Return exactly the lines of the records below, starting at the line that contains "(* [X] and [Y]" and ending at the line that contains "assert (HYY : lifts_to E Y Y e0).", with both of those lines kept.

[Data shown]

Lemma lift_of_aut_is_iso (X R : ob CE) (Z : ob C) (p : U X = Z) (q : U R = Z) (g : hom X R)
  (al : hom Z Z) : is_aut Z al -> cast_hom p q (Uh g) = al ->
  exists g' : hom R X, comp g' g = idm X /\ comp g g' = idm R.
Proof.
  intros [al' [Ha1 Ha2]] Hg. destruct q.
  destruct (Hreas (U R) (U R) al' R eq_refl) as [Y [_ HY]].
  apply lifts_toE in HY as [p1 [q1 [g1 Hg1]]]. rewrite (proof_irrelevance _ p1 eq_refl) in Hg1.
  assert (Hg1g : cast_hom p q1 (Uh (comp g1 g)) = idm (U R)).
  { now rewrite (Uhom_cast_comp p eq_refl q1), Hg1, Hg. }
  (* [X] and [Y] are both restrictions of [Y] along the identity of [U R], hence equal. *)
  set (e0 := cast_hom eq_refl (eq_sym q1) (idm (U R))).
  assert (HXY : lifts_to E X Y e0).
  { apply lifts_toE. exists p, eq_refl, (comp g1 g). unfold e0.
    rewrite <- Hg1g, cast_hom_trans. f_equal; apply proof_irrelevance. }
  assert (HYY : lifts_to E Y Y e0).
  { apply lifts_toE. exists q1, eq_refl, (idm Y). unfold e0. rewrite U_id. apply cast_hom_idm_sym. }
  destruct (Huniq Y (U R) e0) as [X'' [_ Hu]].
  assert (X = Y) as <- by (rewrite (Hu X), (Hu Y); auto).
  rewrite (proof_irrelevance _ q1 p) in *. exists g1. split; apply U_inj; rewrite U_id.
  - apply (cast_hom_inj p p). now rewrite cast_hom_idm.
  - change (cast_hom eq_refl eq_refl (Uh (comp g g1)) = idm (U R)).
    now rewrite (Uhom_cast_comp eq_refl p eq_refl), Hg1, Hg.
Qed.

Lemma lifts_aut_isomorphic (X R : ob CE) (Z : ob C) (al : hom Z Z) :
  is_aut Z al -> lifts_to E X R al -> isomorphic X R.
Proof.
  intros Ha Hl. apply lifts_toE in Hl as [p [q [g Hg]]].
  destruct (lift_of_aut_is_iso X R Z p q g al Ha Hg) as [g' [H1 H2]]. now exists g, g'.
Qed.

Section Liftings.
Variable auts : list (hom A A).
Hypothesis auts_nodup : NoDup auts.
Hypothesis auts_spec : forall al, is_aut A al <-> In al auts.

Definition lifting_count (X R : ob CE) : nat :=
  length (filter (fun al => asbool (lifts_to E X R al)) auts).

[/Data shown]

Output below:
  (* [X] and [Y] are both restrictions of [Y] along the identity of [U R], hence equal. *)
  set (e0 := cast_hom eq_refl (eq_sym q1) (idm (U R))).
  assert (HXY : lifts_to E X Y e0).
  { apply lifts_toE. exists p, eq_refl, (comp g1 g). unfold e0.
    rewrite <- Hg1g, cast_hom_trans. f_equal; apply proof_irrelevance. }
  assert (HYY : lifts_to E Y Y e0).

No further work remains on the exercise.